European stocks and US stock futures rise after two days of declines

European stocks and U.S. equity futures rose on Tuesday after two days of declines sparked by concerns about central banks aggressively raising interest rates to tame inflation.

The regional Stoxx Europe 600 stock gauge rose 0.8% in afternoon trading, while Germany’s Dax gained 1.8%. London’s FTSE 100 rose 0.2% after a holiday day.

Meanwhile, Wall Street equity futures rose, with contracts trailing the broad S&P 500 and the tech-heavy Nasdaq 100 up 0.7 and 0.9 percent respectively.

The moves came after global stocks weakened in the previous two sessions as investors responded to hawkish messages at the Jackson Hole economic symposium last week.

Central bankers reaffirmed their commitment to tackling the rapid rate of price growth at the annual Wyoming summit, even as the prospect of tighter monetary policy threatens to induce a prolonged slowdown.

In a speech on Friday, Federal Reserve Chairman Jay Powell said the U.S. central bank “must keep going until the job is done” on inflation.

Some market participants have hinted that stock declines could provide an opportunity to buy stocks at lower prices. “The bottom is a solid bottom – most investors think so – and as we get closer people are happy to pick the quality names off their bucket list,” said Willem Sels, Global Chief Investment Officer. at HSBC Global Private Bank. “But we don’t expect a V rally.”

In Asian equity markets, the Hong Kong Hang Seng closed down 0.4%, after paring steeper declines earlier in the session. Mainland China’s CSI 300 index closed down 0.3%, while Japan’s Topix closed up 1.2%.

At last week’s meeting in Jackson Hole, Powell said a successful reduction in inflation would likely lead to weaker economic growth for “an extended period.”

Neel Kashkari, president of the Federal Reserve Bank of Minneapolis, told Bloomberg on Monday that he was “pleased” to see markets losing ground after Powell’s speech, as it signaled investors took the pledge seriously. of the Fed to bring inflation down to 2%.

In debt markets, after Monday’s UK holiday, the 10-year gilt yield added 0.14 percentage points to 2.74%. Bond yields rise as their prices fall.

US and Eurozone government bonds remained relatively stable, after coming under pressure in the previous session. The policy-sensitive two-year U.S. Treasury note had at one point on Monday hit its highest level since 2007.

In commodities, gas prices in Europe stabilized after a sharp drop on Monday after German Economy Minister Robert Habeck said Europe’s biggest economy was on track to meet its targets storage for the winter. Futures contracts linked to TTF, the wholesale price of gas in the region, traded on Tuesday at €267 per megawatt hour.

UK gas prices fell sharply on Tuesday after a day-long break in trading, slipping around a fifth to just below 500p per therm.

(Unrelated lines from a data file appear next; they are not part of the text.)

Lemma expectation_convex rho : density rho -> exists mu : 'I_n -> R,
  [/\ forall i, 0 <= mu i, \sum_i mu i = 1 &
      complex.Re (\tr (rho *m A)) = \sum_i mu i * eigval A i].
Proof.
move: eigval_diagonalization; move: (eigval A) => l [U U_unit ->].
case=> _ rho_psd rho_tr; set sigma := U *m rho *m U^t*.
have sigma_tr : \tr sigma = 1.
  by rewrite mxtrace_mulC mulmxA (mulmx1C (unitarymxP U_unit)) mul1mx.
exists (fun i => complex.Re (sigma i i)); split.
- by move=> i; apply/Re_ge0/psdmx_conj_diag_ge0.
- by rewrite -Re_sum -/(mxtrace _) sigma_tr.
rewrite !mulmxA mxtrace_mulC !mulmxA -/sigma.
rewrite mul_mx_diag /mxtrace Re_sum.
by apply: eq_bigr => i _; rewrite !mxE Re_mul_real.
Qed.

Lemma expectation_ge rho c : density rho -> (forall i, c <= eigval A i) ->
  c <= complex.Re (\tr (rho *m A)).
Proof.
by move=> /expectation_convex [mu [mu_ge0 mu_sum ->]]; apply: convex_ge.
Qed.

Lemma expectation_eq_min rho c : density rho -> (forall i, c <= eigval A i) ->
  complex.Re (\tr (rho *m A)) = c -> exists i, eigval A i = c.
Proof.
by move=> /expectation_convex [mu [mu_ge0 mu_sum ->]]; apply: convex_eq_min.
Qed.

Lemma eigenstate i : exists2 rho, density rho & \tr (rho *m A) = (eigval A i)%:C.
Proof.
move: eigval_diagonalization; move: (eigval A) => l [U U_unit ->].
exists ((row i U)^t* *m row i U); first exact/density_rank1/unitarymx_row_dnorm.
rewrite mxtrace_adjmxMl mulmx_row_adj !mulmxA (unitarymxP U_unit) mul1mx.
by rewrite -mulmxA (unitarymxP U_unit) mulmx1 mxE eqxx mxE.
Qed.

Lemma eigval_rank1 i y : (forall k, k != i -> eigval A k = y) ->
  exists2 u : 'rV[C]_n, (u *m u^t*) 0 0 = 1 &
    A = (eigval A i - y)%:C *: (u^t* *m u) + (y%:C)%:M.
Proof.
move: eigval_diagonalization; move: (eigval A) => l [U U_unit ->] l_y.
exists (row i U); first exact: unitarymx_row_dnorm.
have diagE : diag_mx (\row_k (l k)%:C) = (l i - y)%:C *: delta_mx i i + (y%:C)%:M.
  apply/matrixP => a b; rewrite !mxE; have [<-|ab] := eqVneq a b; last first.
    rewrite !mulr0n addr0; case: (a =P i) => [ai|_]; last by rewrite mulr0.
    by rewrite -ai [b == a]eq_sym (negbTE ab) mulr0.
  rewrite !mulr1n andbb; case: (a =P i) => [->|/eqP ai].
    by rewrite mulr1 -rmorphD /= subrK.
  by rewrite mulr0 add0r l_y.
rewrite diagE mulmxDr mulmxDl mul_mx_scalar -scalemxAl (mulmx1C (unitarymxP U_unit)).
rewrite scalemx1 -scalemxAr -scalemxAl rowE adjmxM -!mulmxA.
have -> : (delta_mx 0 i : 'rV[C]_n)^t* = delta_mx i 0.
  by apply/matrixP => a b; rewrite !mxE andbC conjC_nat.
by rewrite (mulmxA (delta_mx i 0)) mul_delta_mx mulmxA.
Qed.

End Spectral.

Section Negativity.
Variable R : realType.
Local Notation C := R[i].
Local Open Scope classical_set_scope.
Variables (d : nat) (Q : 'I_(d ^ 2) -> 'M[C]_d).
Hypothesis Q_herm : forall j, Defs.hermitianmx (Q j).

Lemma negativity_min_eigval j i :
  (forall k l, eigval (Q j) i <= eigval (Q k) l) -> eigval (Q j) i <= 0 ->
  negativity Q = - eigval (Q j) i.
Proof.
move=> ji_min ji_le0; set m := - eigval (Q j) i.
have state_le rho : density rho -> negativity_state Q rho <= m.
  move=> rho_dens; rewrite /negativity_state ge_max oppr_ge0 ji_le0 /=.
  apply: bigmax_le => [|k _]; first by rewrite oppr_ge0.
  by rewrite /m lerN2; apply: (expectation_ge (Q_herm k) rho_dens) => l; apply: ji_min.
have [rho0 rho0_dens rho0_tr] := eigenstate (Q_herm j) i.
have m_state : m = negativity_state Q rho0.
  apply/le_anti; rewrite state_le // andbT /negativity_state le_max; apply/orP; right.
  by rewrite (bigD1 j) //= le_max rho0_tr lexx.
have m_in : [set x | exists2 rho, density rho & x = negativity_state Q rho] m.
  by exists rho0.
apply/le_anti/andP; split.
  by apply: ge_sup; [exists m | move=> _ [rho rho_dens ->]; exact: state_le].
apply: sup_upper_bound => //; split; first by exists m.
by exists m => _ [rho rho_dens ->]; exact: state_le.
Qed.

End Negativity.

Section AffineSIC.
Variable R : realType.
Local Notation C := R[i].
Local Open Scope sesquilinear_scope.
Local Open Scope complex_scope.
Variable d : nat.
Hypothesis d_gt0 : (0 < d)%N.

Definition Qaffine (e : R) (P : 'M[C]_d) : 'M[C]_d :=
  e%:C *: P + (((1 - e) / d%:R)%:C)%:M.

Lemma Qaffine_constE (e : R) : ((1 - e) / d%:R)%:C = (1 - e%:C) / d%:R.
Proof. by rewrite rmorphM rmorphB rmorph1 fmorphV rmorph_nat. Qed.

Lemma expectation_Qaffine e P rho : density rho ->
  complex.Re (\tr (rho *m Qaffine e P)) =
  e * complex.Re (\tr (rho *m P)) + (1 - e) / d%:R.
Proof.
case=> _ _ rho_tr; rewrite mulmxDr -scalemxAr mul_mx_scalar linearD /= !mxtraceZ.
by rewrite rho_tr mulr1 Re_add mulrC Re_mul_real mulrC.
Qed.

Lemma expectation_proj_ge0 (P rho : 'M[C]_d) :
  Defs.hermitianmx P -> P *m P = P -> density rho -> 0 <= complex.Re (\tr (rho *m P)).
Proof.
move=> P_herm P_idem [_ rho_psd _]; rewrite -P_idem -{1}P_herm mulmxA mxtrace_mulC mulmxA.
exact/Re_ge0/psdmx_conj_tr_ge0.
Qed.

Variable Q : 'I_(d ^ 2) -> 'M[C]_d.
Hypothesis Q_nqpr : NQPR Q.

Lemma SIC_of_Qaffine e (P : 'I_(d ^ 2) -> 'M[C]_d) : e ^+ 2 = d.+1%:R ->
  (forall j, [/\ Defs.hermitianmx (P j), P j *m P j = P j & \rank (P j) = 1%N]) ->
  (forall j, Q j = Qaffine e (P j)) -> SIC P.
Proof.
move=> e_sqr P_proj Q_aff; split; [|split; [|split]]; try by move=> j; case: (P_proj j).
have [_ [Q_tr Q_trM]] := Q_nqpr.
have e2 : e%:C ^+ 2 = d.+1%:R by rewrite -rmorphXn e_sqr rmorph_nat.
have eC_neq0 : e%:C != 0.
  by apply: contra_eq_neq e2 => ->; rewrite expr0n eq_sym pnatr_eq0.
have dE : (d%:R : C) = e%:C ^+ 2 - 1 by rewrite e2 -natr1 addrK.
have e21_neq0 : e%:C ^+ 2 - 1 != 0 by rewrite -dE pnatr_eq0 -lt0n.
have P_E j : P j = (e%:C)^-1 *: (Q j - (((1 - e) / d%:R)%:C)%:M).
  by rewrite Q_aff addrK scalerA mulVf // scale1r.
(* With c := (1 - e) / d, tr (P_j P_k) = (d delta_jk - 2 c + d c^2) / e^2,
   and d c^2 - 2 c = (e^2 - 1) / d = 1. *)
move=> j k; rewrite !P_E -scalemxAl -scalemxAr !mxtraceZ mulmxBl !mulmxBr.
rewrite !mul_mx_scalar !mul_scalar_mx !linearB /= !mxtraceZ mxtrace_scalar Q_trM !Q_tr.
rewrite Qaffine_constE -[(_ / _) *+ d]mulr_natr -e2 dE.
move: (e%:C) eC_neq0 e21_neq0 ((j == k)%:R : C) => E E_neq0 E21_neq0 delta.
by field; rewrite E_neq0 E21_neq0.
Qed.

Lemma SIC_of_rank1 e : e ^+ 2 = d.+1%:R ->
  (forall j, exists2 u : 'rV[C]_d, (u *m u^t*) 0 0 = 1 & Q j = Qaffine e (u^t* *m u)) ->
  exists P, SIC P /\ forall j, Q j = Qaffine e (P j).
Proof.
move=> e_sqr /fin_all_exists2 [u u_unit Q_aff].
exists (fun j => (u j)^t* *m u j); split => //.
by apply: SIC_of_Qaffine e_sqr _ Q_aff => j; apply: rank1_projector.
Qed.

Lemma QminusE (P : 'I_(d ^ 2) -> 'M[C]_d) j :
  Qminus P j = Qaffine (Num.sqrt d.+1%:R) (P j).
Proof. by rewrite /Qaffine Qaffine_constE. Qed.

Lemma QplusE (P : 'I_(d ^ 2) -> 'M[C]_d) j :
  Qplus P j = Qaffine (- Num.sqrt d.+1%:R) (P j).
Proof. by rewrite /Qaffine Qaffine_constE rmorphN opprK scaleNr. Qed.

End AffineSIC.

Section Main.
Variable R : realType.
Local Notation C := R[i].
Local Open Scope complex_scope.
Variables (d : nat) (Q : 'I_(d ^ 2) -> 'M[C]_d).
Hypotheses (d_ge2 : (2 <= d)%N) (Q_nqpr : NQPR Q).
Local Notation D := (d%:R : R).
Local Notation s := (Num.sqrt (d.+1%:R : R)).

Let d_gt0 : (0 < d)%N. Proof. exact: ltnW. Qed.
Let s_sqr : s ^+ 2 = d.+1%:R. Proof. by rewrite sqr_sqrtr. Qed.
Let s_ge1 : 1 <= s.
Proof. by apply: le_of_sqr_le; rewrite ?sqrtr_ge0 // s_sqr expr1n ler1n. Qed.

Let Q_herm j : Defs.hermitianmx (Q j). Proof. by case: Q_nqpr. Qed.

Let eigval_sum j : \sum_i eigval (Q j) i = 1.
Proof.
apply: (@complexI R); rewrite -(mxtrace_eigval (Q_herm j)) rmorph1.
by case: Q_nqpr => _ [-> _].
Qed.

Let eigval_sqr j : \sum_i eigval (Q j) i ^+ 2 = D.
Proof.
apply: (@complexI R); rewrite -(mxtrace_sqr_eigval (Q_herm j)) rmorph_nat.
by case: Q_nqpr => _ [_ ->]; rewrite eqxx mulr1.
Qed.

Lemma NplusE : Nplus R d = ((D - 1) * s - 1) / D.
Proof. by rewrite /Nplus -subn1 natrB. Qed.

Lemma negativity_minE : exists j i,
  (forall k l, eigval (Q j) i <= eigval (Q k) l) /\ negativity Q = - eigval (Q j) i.
Proof.
have j0 : 'I_(d ^ 2) by exists 0%N; rewrite expn_gt0 d_gt0.
have [[j i] _ ji_min] :=
  @arg_minP _ _ _ (j0, Ordinal d_gt0) xpredT (fun p => eigval (Q p.1) p.2) isT.
have {}ji_min k l : eigval (Q j) i <= eigval (Q k) l by exact: ji_min (k, l) isT.
exists j, i; split => //; apply: negativity_min_eigval => //.
have : (s - 1) / D <= - eigval (Q j) i.
  by apply: spectrum_neg_ge d_ge2 (eigval_sum j) (eigval_sqr j) _ _ => k; rewrite lerN2.
have : 0 <= (s - 1) / D by rewrite divr_ge0 ?subr_ge0.
lra.
Qed.

Lemma negativity_bounds : Nminus R d <= negativity Q <= Nplus R d.
Proof.
have [j [i [ji_min ->]]] := negativity_minE; apply/andP; split.
  by apply: spectrum_neg_ge d_ge2 (eigval_sum j) (eigval_sqr j) _ _ => k; rewrite lerN2.
rewrite NplusE lerNl -mulNr opprB.
exact: spectrum_min_ge d_ge2 (eigval_sum j) (eigval_sqr j) i.
Qed.

Lemma SIC_of_negativity_Nminus : negativity Q = Nminus R d ->
  exists P, SIC P /\ forall j, Q j = Qminus P j.
Proof.
have [j [i [ji_min ->]]] := negativity_minE => ji_eq.
suff [P [P_SIC Q_aff]] : exists P, SIC P /\ forall k, Q k = Qaffine s (P k).
  by exists P; split => // k; rewrite QminusE.
apply: (SIC_of_rank1 d_gt0 Q_nqpr s_sqr) => k.
have neg_le l : - eigval (Q k) l <= (s - 1) / D.
  by rewrite -[_ / _]/(Nminus R d) -ji_eq lerN2.
have [l [l_eq others]] := spectrum_neg_eq d_ge2 (eigval_sum k) (eigval_sqr k) neg_le.
have [u u_unit Q_rank1] := eigval_rank1 (Q_herm k) others.
by exists u; rewrite // Q_rank1 l_eq addrK.
Qed.

Lemma negativity_Qminus P : SIC P -> (forall j, Q j = Qminus P j) ->
  negativity Q = Nminus R d.
Proof.
move=> [P_herm [P_idem _]] Q_minus.
apply/le_anti/andP; split; last by case/andP: negativity_bounds.
have [j [i [_ ->]]] := negativity_minE.
have [rho rho_dens rho_tr] := eigenstate (Q_herm j) i.
have := expectation_Qaffine s (P j) rho_dens.
rewrite -QminusE -Q_minus rho_tr /= => ->.
have := mulr_ge0 (le_trans ler01 s_ge1) (expectation_proj_ge0 (P_herm j) (P_idem j) rho_dens).
rewrite /Nminus; lra.
Qed.

Lemma negativity_Qplus P : SIC P -> (forall j, Q j = Qplus P j) ->
  negativity Q = Nplus R d.
Proof.
move=> [P_herm [P_idem [_ P_tr]]] Q_plus.
apply/le_anti/andP; split; first by case/andP: negativity_bounds.
have [j [i [ji_min ->]]] := negativity_minE.
have Pj_tr : \tr (P j *m P j) = 1 by rewrite P_tr eqxx mulr1 natr1 divff // pnatr_eq0.
have Pj_dens : density (P j).
  split; [exact: P_herm | | by rewrite -(P_idem j)].
  by rewrite -(P_idem j) -{1}(P_herm j); apply: psdmx_adjmxMl.
have := expectation_ge (Q_herm j) Pj_dens (ji_min j).
rewrite Q_plus QplusE expectation_Qaffine // Pj_tr /= NplusE.
have -> : - s * 1 + (1 - - s) / D = - (((D - 1) * s - 1) / D).
  by field; rewrite pnatr_eq0 -lt0n.
by rewrite lerNr.
Qed.

Lemma SIC_of_negativity_Nplus : group_covariant Q -> negativity Q = Nplus R d ->
  exists P, SIC P /\ forall j, Q j = Qplus P j.
Proof.
move=> Q_cov; have [j [i [_ ->]]] := negativity_minE; rewrite NplusE => ji_eq.
have ji_c : eigval (Q j) i = (1 - (D - 1) * s) / D.
  by rewrite -[LHS]opprK ji_eq -mulNr opprB.
have [rho rho_dens rho_tr] := eigenstate (Q_herm j) i.
suff [P [P_SIC Q_aff]] : exists P, SIC P /\ forall k, Q k = Qaffine (- s) (P k).
  by exists P; split => // k; rewrite QplusE.
apply: (SIC_of_rank1 d_gt0 Q_nqpr) => [|k]; first by rewrite sqrrN s_sqr.
(* Conjugating an eigenvector of Q j for its extremal eigenvalue by a symmetry
   mapping Q j to Q k gives a state whose Q k-expectation is that extremal value. *)
have [U [[U_unit _] UQ]] := Q_cov j k.
have c_le := spectrum_min_ge d_ge2 (eigval_sum k) (eigval_sqr k).
have [l l_eq] : exists l, eigval (Q k) l = (1 - (D - 1) * s) / D.
  apply: (expectation_eq_min (Q_herm k) (density_unitary_conj U_unit rho_dens) c_le).
  by rewrite -UQ mxtrace_unitary_conj // rho_tr ji_c.
have others := spectrum_min_eq d_ge2 (eigval_sum k) (eigval_sqr k) l_eq.
have [u u_unit Q_rank1] := eigval_rank1 (Q_herm k) others.
exists u; rewrite // Q_rank1 l_eq /Qaffine opprK.
by congr (_%:C *: _ + _); field; rewrite pnatr_eq0 -lt0n.
Qed.

End Main.

Unset Implicit Arguments.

The price of baseload electricity in Germany also fell, slipping 14% to €651 per megawatt hour after rising above €1,000 on Monday.

Investors will be watching new data in the coming days for further clues about the health of the global economy and the future trajectory of monetary policy. Eurozone inflation data is due out on Wednesday, with economists polled by Reuters expecting the August figure to rise to 9% from 8.9% in July.

U.S. jobs numbers due on Friday could give some insight into the level of heat in the labor market of the world’s largest economy. Economists polled by Reuters expect nonfarm payrolls data to show the United States added 300,000 new jobs in August, up from 528,000 in July.